I think that the initial production data we're getting now is very positive, so that's a good sign. I think we need to demonstrate that the facility has greater potential than what is currently described in terms of the offtake and therefore building that into future models. I think we're a little ways away from that, but it's something that we're working towards getting ourselves to the place where we've fully described the potential of GTA.
Matt Smith (Data Support Manager)
Okay. Great. Thank you, Andy. Happy to pass it on.
Operator (participant)
Great. Thank you.
Thank you. Our next question has come from the line of Stella Cridge with Barclays. Please proceed with your questions.
Stella Cridge (Head of Eemea Corporation Credit Research)
Hi there.

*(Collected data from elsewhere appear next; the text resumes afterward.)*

(* For all $m,n\in\mathbb{N}$ with $m\le n$, the minimization problem defining $d_{m,n}$ admits an optimal transport plan $z\in\mathcal{F}_{m,n}$ that is simple, i.e. satisfies $z_{i,i}=\min\{\pi^m_i,\pi^n_i\}$ for all $i=0,\dots,m$.
   Context: Let $\mathbb{N}=\{0,1,2,\dots\}$. Fix a sequence $(\pi^n)_{n\in\mathbb{N}}$ where each $\pi^n=(\pi^n_i)_{i\in\mathbb{N}}$ is a probability distribution on $\mathbb{N}$ with support contained in $\{0,\dots,n\}$, and $\pi^n\ne\pi^m$ for $m\ne n$. Define reals $d_{m,n}$ for $m,n\in\mathbb{N}\cup\{-1\}$ recursively as follows: $d_{-1,-1}=0$, $d_{-1,j}=d_{j,-1}=1$ for $j\in\mathbb{N}$, and for $m,n\in\mathbb{N}$, $$d_{m,n}=\min_{z\in\mathcal{F}_{m,n}}\sum_{i=0}^m\sum_{j=0}^n z_{i,j}\,d_{i-1,j-1},$$ where $\mathcal{F}_{m,n}$ is the set of transport plans from $\pi^m$ to $\pi^n$, i.e. arrays $z=(z_{i,j})_{0\le i\le m,\,0\le j\le n}$ with $z_{i,j}\ge0$, $\sum_{j=0}^n z_{i,j}=\pi^m_i$ for all $i\le m$, and $\sum_{i=0}^m z_{i,j}=\pi^n_j$ for all $j\le n$. An optimal transport for $d_{m,n}$ is a minimizer of this problem. *)

From HB Require Import structures.
From mathcomp Require Import all_boot all_order all_algebra.
From mathcomp Require Import reals.
Set Implicit Arguments. Unset Strict Implicit. Unset Printing Implicit Defensive.
Import Order.TTheory GRing.Theory Num.Theory.
Local Open Scope ring_scope.

Definition is_distr_seq (R : realType) (pi : nat -> nat -> R) : Prop :=
  forall n : nat,
    (forall i, 0 <= pi n i) /\
    (forall i, (n < i)%N -> pi n i = 0) /\
    \sum_(i < n.+1) pi n i = 1.

Definition is_plan (R : realType) (pi : nat -> nat -> R) (m n : nat)
    (z : 'M[R]_(m.+1, n.+1)) : Prop :=
  (forall i j, 0 <= z i j) /\
  (forall i : 'I_m.+1, \sum_(j < n.+1) z i j = pi m i) /\
  (forall j : 'I_n.+1, \sum_(i < m.+1) z i j = pi n j).

(* d_ext d i j = d_{i-1,j-1}, where d : nat -> nat -> R stores d_{m,n}
   for m,n in N and the boundary values d_{-1,-1}=0, d_{-1,j}=d_{j,-1}=1. *)
Definition d_ext (R : realType) (d : nat -> nat -> R) (i j : nat) : R :=
  if (i == 0%N) && (j == 0%N) then 0
  else if (i == 0%N) || (j == 0%N) then 1
  else d i.-1 j.-1.

Definition cost (R : realType) (d : nat -> nat -> R) (m n : nat)
    (z : 'M[R]_(m.+1, n.+1)) : R :=
  \sum_(i < m.+1) \sum_(j < n.+1) z i j * d_ext d i j.

Definition is_optimal (R : realType) (pi : nat -> nat -> R)
    (d : nat -> nat -> R) (m n : nat) (z : 'M[R]_(m.+1, n.+1)) : Prop :=
  is_plan pi z /\ forall z' : 'M[R]_(m.+1, n.+1), is_plan pi z' -> cost d z <= cost d z'.

Definition is_d (R : realType) (pi : nat -> nat -> R) (d : nat -> nat -> R)
    : Prop :=
  forall m n : nat,
    (exists z : 'M[R]_(m.+1, n.+1), is_plan pi z /\ cost d z = d m n) /\
    (forall z : 'M[R]_(m.+1, n.+1), is_plan pi z -> d m n <= cost d z).

From HB Require Import structures.
From mathcomp Require Import all_boot all_order all_algebra.
From mathcomp Require Import reals.
From mathcomp Require Import ring lra zify.
Import Order.TTheory GRing.Theory Num.Theory.
Local Open Scope ring_scope.
Set Implicit Arguments. Unset Strict Implicit.

(* The costs [d_ext d i j] behave like a pseudometric on nat: they lie in
   [0, 1], vanish on the diagonal, and gluing an optimal plan from pi^a to
   pi^b with one from pi^b to pi^c yields the triangle inequality, by
   induction on a + b + c.
   Given an optimal plan z and i <= m, pair the mass of row i lying off
   column i with the mass of column i lying off row i: routing it directly
   from k to l instead of through i, with as much mass as nonnegativity
   allows, raises z(i,i) to min(pi^m_i, pi^n_i), lowers no cell outside
   row i and column i, and by the triangle inequality through i does not
   increase the cost.  Doing this for i = 0, ..., m gives a simple optimal
   plan. *)

Lemma sum_mulrb_eq (V : nmodType) N (F : 'I_N -> V) (i : 'I_N) :
  \sum_k F k *+ (k == i) = F i.
Proof. by under eq_bigr do rewrite mulrb; rewrite -big_mkcond big_pred1_eq. Qed.

Lemma sum_centered (R : pzRingType) N (F w : 'I_N -> R) (i : 'I_N) :
  \sum_k (F k - (\sum_l F l) *+ (k == i)) * w k = \sum_k F k * (w k - w i).
Proof.
under eq_bigr do rewrite mulrBl mulrnAl.
under [RHS]eq_bigr do rewrite mulrBr.
by rewrite !big_split /= !sumrN sum_mulrb_eq mulr_suml.
Qed.

Lemma mulfK_le (R : numFieldType) (u v : R) : 0 <= u -> u <= v -> u * v / v = u.
Proof.
move=> u_ge0 u_le_v; have [v0|v_neq0] := eqVneq v 0; last by rewrite mulfK.
have u0 : u = 0 by apply/le_anti; rewrite u_ge0 andbT -v0.
by rewrite u0 !mul0r.
Qed.

Section Plans.
Variables (R : realType) (pi : nat -> nat -> R) (m n : nat).
Variable z : 'M[R]_(m.+1, n.+1).
Hypothesis z_plan : is_plan pi z.

Lemma plan_le_row i j : z i j <= pi m i.
Proof.
have [z_ge0 [<- _]] := z_plan.
by rewrite (bigD1 j) //= lerDl sumr_ge0.
Qed.

Lemma plan_le_col i j : z i j <= pi n j.
Proof.
have [z_ge0 [_ <-]] := z_plan.
by rewrite (bigD1 i) //= lerDl sumr_ge0.
Qed.

Lemma plan_mass : is_distr_seq pi -> \sum_i \sum_j z i j = 1.
Proof.
move=> pi_distr; have [_ [_ <-]] := pi_distr m.
by apply: eq_bigr => i _; rewrite (proj1 (proj2 z_plan)).
Qed.

Lemma cost_bounds (d : nat -> nat -> R) : is_distr_seq pi ->
  (forall (i : 'I_m.+1) (j : 'I_n.+1), 0 <= d_ext d i j <= 1) ->
  0 <= cost d z <= 1.
Proof.
move=> pi_distr d_bounds; have z_ge0 := proj1 z_plan.
rewrite /cost -(plan_mass pi_distr); apply/andP; split.
  apply: sumr_ge0 => i _; apply: sumr_ge0 => j _.
  by have /andP[? _] := d_bounds i j; rewrite mulr_ge0.
apply: ler_sum => i _; apply: ler_sum => j _.
by have /andP[_ ?] := d_bounds i j; rewrite ler_piMr.
Qed.

End Plans.

Section Gluing.
Variables (R : realType) (pi d : nat -> nat -> R) (a b c : nat).
Variables (x : 'M[R]_(a.+1, b.+1)) (y : 'M[R]_(b.+1, c.+1)).
Hypotheses (x_plan : is_plan pi x) (y_plan : is_plan pi y).

Lemma glue_weight_ge0 i j k : 0 <= x i j * y j k / pi b j.
Proof.
have [x_ge0 _] := x_plan; have [y_ge0 _] := y_plan.
rewrite divr_ge0 ?mulr_ge0 //.
exact: le_trans (x_ge0 ord0 j) (plan_le_col x_plan ord0 j).
Qed.

Definition glue : 'M[R]_(a.+1, c.+1) :=
  \matrix_(i, k) \sum_j x i j * y j k / pi b j.

Lemma sum_glue_r i j : \sum_k x i j * y j k / pi b j = x i j.
Proof.
rewrite -mulr_suml -mulr_sumr (proj1 (proj2 y_plan)).
by rewrite mulfK_le ?(proj1 x_plan) ?(plan_le_col x_plan).
Qed.

Lemma sum_glue_l j k : \sum_i x i j * y j k / pi b j = y j k.
Proof.
rewrite -mulr_suml -mulr_suml (proj2 (proj2 x_plan)) [_ * y j k]mulrC.
by rewrite mulfK_le ?(proj1 y_plan) ?(plan_le_row y_plan).
Qed.

Lemma glue_plan : is_plan pi glue.
Proof.
have [x_ge0 [x_row _]] := x_plan; have [y_ge0 [_ y_col]] := y_plan.
split; [|split] => [i k | i | k]; rewrite ?mxE.
- by apply: sumr_ge0 => j _; apply: glue_weight_ge0.
- under eq_bigr do rewrite mxE; rewrite exchange_big /=.
  by under eq_bigr do rewrite sum_glue_r.
- under eq_bigr do rewrite mxE; rewrite exchange_big /=.
  by under eq_bigr do rewrite sum_glue_l.
Qed.

Lemma cost_glue_le :
  (forall (i : 'I_a.+1) (j : 'I_b.+1) (k : 'I_c.+1),
     d_ext d i k <= d_ext d i j + d_ext d j k) ->
  cost d glue <= cost d x + cost d y.
Proof.
move=> triangle; pose t i j k := x i j * y j k / pi b j.
have -> : cost d x + cost d y =
    \sum_i \sum_k \sum_j (t i j k * d_ext d i j + t i j k * d_ext d j k).
  under [RHS]eq_bigr do under eq_bigr do rewrite big_split /=.
  under [RHS]eq_bigr do rewrite big_split /=.
  rewrite big_split /=; congr (_ + _).
    apply: eq_bigr => i _; rewrite exchange_big /=; apply: eq_bigr => j _.
    by rewrite -mulr_suml sum_glue_r.
  rewrite exchange_big /=; under [RHS]eq_bigr do rewrite exchange_big /=.
  rewrite exchange_big /=; apply: eq_bigr => j _; apply: eq_bigr => k _.
  by rewrite -mulr_suml sum_glue_l.
rewrite ler_sum // => i _; rewrite ler_sum // => k _.
rewrite mxE mulr_suml ler_sum // => j _.
by rewrite -mulrDr ler_wpM2l ?glue_weight_ge0.
Qed.

End Gluing.

Lemma invr_max_mul_le1 (R : realFieldType) (x y : R) :
  0 <= x -> 0 <= y -> (Num.max x y)^-1 * x <= 1.
Proof.
move=> x_ge0 y_ge0; have [->|x_neq0] := eqVneq x 0; first by rewrite mulr0 ler01.
have max_gt0 : 0 < Num.max x y by rewrite lt_max lt_def x_neq0 x_ge0.
by rewrite mulrC ler_pdivrMr // mul1r le_max lexx.
Qed.

Lemma invr_max_mul (R : realFieldType) (x y : R) :
  0 <= x -> 0 <= y -> (Num.max x y)^-1 * (x * y) = Num.min x y.
Proof.
wlog xy : x y / x <= y.
  move=> hwlog x_ge0 y_ge0; case/orP: (le_total x y) => [xy|yx]; first exact: hwlog.
  by rewrite maxC minC [x * y]mulrC; apply: hwlog.
by move=> x_ge0 y_ge0; rewrite (max_r xy) (min_l xy) mulrC mulfK_le.
Qed.

Section Rerouting.
Variables (R : realType) (pi d : nat -> nat -> R) (m n : nat).
Variables (z : 'M[R]_(m.+1, n.+1)) (i : 'I_m.+1) (j : 'I_n.+1).
Hypothesis z_plan : is_plan pi z.

Let col_off k := z k j *+ (k != i).
Let row_off l := z i l *+ (l != j).
Let col_mass := \sum_k col_off k.
Let row_mass := \sum_l row_off l.
Let u k := col_off k - col_mass *+ (k == i).
Let v l := row_off l - row_mass *+ (l == j).
Let s := (Num.max row_mass col_mass)^-1.

(* For all [k != i] and [l != j], moves [s * z k j * z i l] from the cells
   [(k, j)] and [(i, l)] to [(k, l)] and [(i, j)]. *)
Definition reroute : 'M[R]_(m.+1, n.+1) :=
  \matrix_(k, l) (z k l + s * (u k * v l)).

Let col_off_ge0 k : 0 <= col_off k.
Proof. by rewrite mulrn_wge0 ?(proj1 z_plan). Qed.

Let row_off_ge0 l : 0 <= row_off l.
Proof. by rewrite mulrn_wge0 ?(proj1 z_plan). Qed.

Let s_ge0 : 0 <= s.
Proof. by rewrite invr_ge0 le_max sumr_ge0. Qed.

Let row_split : pi m i = z i j + row_mass.
Proof.
rewrite -(proj1 (proj2 z_plan)) (bigD1 j) //=; congr (_ + _).
by rewrite big_mkcond; apply: eq_bigr => l _; rewrite /row_off mulrb.
Qed.

Let col_split : pi n j = z i j + col_mass.
Proof.
rewrite -(proj2 (proj2 z_plan)) (bigD1 i) //=; congr (_ + _).
by rewrite big_mkcond; apply: eq_bigr => k _; rewrite /col_off mulrb.
Qed.

Lemma reroute_plan : is_plan pi reroute.
Proof.
have [z_ge0 [z_row z_col]] := z_plan.
split; [|split] => [k l | k | l]; rewrite ?mxE.
- have s_row : s * row_mass <= 1 by rewrite invr_max_mul_le1 ?sumr_ge0.
  have s_col : s * col_mass <= 1 by rewrite /s maxC invr_max_mul_le1 ?sumr_ge0.
  have := z_ge0 k l; have := z_ge0 k j; have := z_ge0 i l.
  rewrite /u /v /col_off /row_off.
  have [->|ki] := eqVneq k i; have [->|lj] := eqVneq l j;
    rewrite ?eqxx ?(negPf ki) ?(negPf lj) ?mulr0n ?mulr1n ?subr0 ?sub0r ?mulrNN.
  + by move=> *; rewrite addr_ge0 ?mulr_ge0 ?sumr_ge0.
  + nra.
  + nra.
  + by move=> *; rewrite addr_ge0 ?mulr_ge0.
- under eq_bigr do rewrite mxE.
  by rewrite big_split /= -mulr_sumr -mulr_sumr /v big_split /= sumrN
    sum_mulrb_eq subrr !mulr0 addr0.
- under eq_bigr do rewrite mxE.
  by rewrite big_split /= -mulr_sumr -mulr_suml /u big_split /= sumrN
    sum_mulrb_eq subrr mul0r mulr0 addr0.
Qed.

Lemma reroute_pivot : reroute i j = Num.min (pi m i) (pi n j).
Proof.
rewrite mxE /u /v /col_off /row_off !eqxx /= !mulr0n !mulr1n !add0r mulrNN.
rewrite row_split col_split -real_addr_minr ?num_real //; congr (_ + _).
by rewrite [col_mass * _]mulrC invr_max_mul ?sumr_ge0.
Qed.

Lemma reroute_ge k l : k != i -> l != j -> z k l <= reroute k l.
Proof.
move=> ki lj; rewrite mxE /u /v (negPf ki) (negPf lj) !subr0 lerDl.
by rewrite mulr_ge0 ?mulr_ge0.
Qed.

Lemma cost_reroute_le :
  (forall (k : 'I_m.+1) (l : 'I_n.+1),
     d_ext d k l + d_ext d i j <= d_ext d k j + d_ext d i l) ->
  cost d reroute <= cost d z.
Proof.
move=> swap; pose c (k : 'I_m.+1) (l : 'I_n.+1) := d_ext d k l.
have -> : cost d reroute = cost d z + s * \sum_k u k * \sum_l v l * c k l.
  rewrite /cost mulr_sumr -big_split /=; apply: eq_bigr => k _.
  rewrite mulr_sumr mulr_sumr -big_split /=; apply: eq_bigr => l _.
  by rewrite /reroute mxE /c; ring.
rewrite gerDl mulr_ge0_le0 //.
under eq_bigr do rewrite sum_centered.
rewrite sum_centered sumr_le0 // => k _; rewrite mulr_ge0_le0 //.
rewrite -sumrB sumr_le0 // => l _; rewrite -mulrBr mulr_ge0_le0 //.
by rewrite /c; have := swap k l; lra.
Qed.

End Rerouting.

Section Distance.
Variables (R : realType) (pi d : nat -> nat -> R).
Hypotheses (pi_distr : is_distr_seq pi) (d_def : is_d pi d).

Lemma d_ext_bounds a b : 0 <= d_ext d a b <= 1.
Proof.
move: {2}(a + b)%N (leqnn (a + b)) => N.
elim: N a b => [|N IH] [|a] [|b] //= ab_le; rewrite /d_ext /= ?lexx ?ler01 //.
have [[z [z_plan <-]] _] := d_def a b.
apply: (cost_bounds z_plan) => // i j; apply: IH.
by have := ltn_ord i; have := ltn_ord j; lia.
Qed.

Lemma d_ext_diag k : d_ext d k k = 0.
Proof.
elim/ltn_ind: k => -[//|k] IH.
have [_ d_min] := d_def k k.
pose z : 'M[R]_(k.+1, k.+1) := \matrix_(i, j) (pi k i *+ (i == j)).
have z_plan : is_plan pi z.
  split; [|split] => [i j | i | j]; rewrite ?mxE.
  - by rewrite mulrn_wge0 ?(proj1 (pi_distr k)).
  - by under eq_bigr do rewrite mxE eq_sym; rewrite sum_mulrb_eq.
  - by under eq_bigr do rewrite mxE; rewrite sum_mulrb_eq.
apply/le_anti/andP; split; last by case/andP: (d_ext_bounds k.+1 k.+1).
apply: le_trans (d_min z z_plan) _.
rewrite /cost big1 // => i _; rewrite big1 // => j _; rewrite mxE.
by have [<-|_] := eqVneq i j; rewrite ?IH ?mulr0 ?mul0r.
Qed.

Lemma d_ext_triangle a b c : d_ext d a c <= d_ext d a b + d_ext d b c.
Proof.
move: {2}(a + b + c)%N (leqnn (a + b + c)) => N.
elim: N a b c => [|N IH] a b c abc_le.
  have [-> -> ->] : [/\ a = 0, b = 0 & c = 0]%N by split; lia.
  by rewrite /d_ext /= addr0.
move: (d_ext_bounds a b) (d_ext_bounds b c) (d_ext_bounds a c).
case: a b c abc_le => [|a] [|b] [|c] abc_le; rewrite /d_ext /=;
  try by move=> /andP[? ?] /andP[? ?] /andP[? ?]; lra.
move=> _ _ _.
have [[x [x_plan <-]] _] := d_def a b; have [[y [y_plan <-]] _] := d_def b c.
have [_ d_min] := d_def a c.
apply: le_trans (d_min _ (glue_plan x_plan y_plan)) (cost_glue_le x_plan y_plan _).
move=> i j k; apply: IH.
by have := ltn_ord i; have := ltn_ord j; have := ltn_ord k; lia.
Qed.

End Distance.

Section SimpleOptimalPlan.
Variables (R : realType) (pi d : nat -> nat -> R).
Hypotheses (pi_distr : is_distr_seq pi) (d_def : is_d pi d).
Variables (m n : nat) (mn : (m <= n)%N).

Let inordE (i : 'I_m.+1) : (inord i : 'I_n.+1) = i :> nat.
Proof. by rewrite inordK // ltnS (leq_trans _ mn) // -ltnS. Qed.

Lemma optimal_simple_prefix t : (t <= m.+1)%N ->
  exists z : 'M[R]_(m.+1, n.+1), is_optimal pi d z /\
    forall i : 'I_m.+1, (i < t)%N -> z i (inord i) = Num.min (pi m i) (pi n i).
Proof.
elim: t => [_|t IH t_lt].
  have [[z [z_plan z_cost]] d_min] := d_def m n.
  by exists z; split=> [|[]//]; split=> // w /d_min; rewrite z_cost.
have [z [[z_plan z_opt] z_simple]] := IH (ltnW t_lt).
pose t' : 'I_m.+1 := Ordinal t_lt.
have z'_plan := reroute_plan t' (inord t') z_plan.
exists (reroute z t' (inord t')); split.
  split=> // w /z_opt; apply: le_trans; apply: (cost_reroute_le z_plan) => k l.
  by rewrite inordE (d_ext_diag pi_distr d_def) addr0 (d_ext_triangle pi_distr d_def).
move=> i; rewrite ltnS leq_eqVlt => /orP[/eqP i_t | i_lt].
  have -> : i = t' by apply: val_inj.
  by rewrite (reroute_pivot _ _ z_plan) inordE.
apply/le_anti; rewrite le_min plan_le_row //=.
have := plan_le_col z'_plan i (inord i); rewrite inordE => -> /=.
have i_neq_t : i != t' by rewrite -(inj_eq val_inj) /= neq_ltn i_lt.
have inord_neq : (inord i : 'I_n.+1) != inord t'.
  by rewrite -(inj_eq val_inj) /= (inordE i) (inordE t').
by rewrite -(z_simple i i_lt) (reroute_ge z_plan).
Qed.

End SimpleOptimalPlan.

Unset Implicit Arguments.

Theorem proposition1 (R : realType) (pi : nat -> nat -> R)
  (d : nat -> nat -> R) :
  is_distr_seq pi ->
  (forall m n : nat, m <> n -> pi m <> pi n) ->
  is_d pi d ->
  forall m n : nat, (m <= n)%N ->
    exists z : 'M[R]_(m.+1, n.+1),
      is_optimal pi d z /\
      forall i : 'I_m.+1, z i (inord i) = Num.min (pi m i) (pi n i).
Proof.
move=> pi_distr _ d_def m n mn.
have [z [z_opt z_simple]] := optimal_simple_prefix pi_distr d_def mn (leqnn m.+1).
by exists z; split=> // i; apply: z_simple.
Qed.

Afternoon, everyone. Many thanks for all the updates. There was a couple of areas I wanted to ask on. The first, you talked about recent meeting in Ghana and engaging positively there.
I noted recently Tullow on their call talked about potential multiple future rounds of investment in Ghana. I just wondered, what were your takeaways from those discussions? Are there any kind of key action points in the near term with regarding the partnership there over the longer term? That was the first one. The second one was that I noted that there was a cash outflow from notes receivable in Q1. I just wondered, will there be any more outflows from receivables, or could potentially there be any inflows from Senegal, Mauritania in the future? That would be great.
Andy Inglis (Chairman and CEO)
Yeah. Thanks, Stella. I'll ask Neal to pick up the question around the cash outflow.
Ghana has been there a long time. We've seen, obviously, multiple governments. For me, it was great to meet President Mahama again.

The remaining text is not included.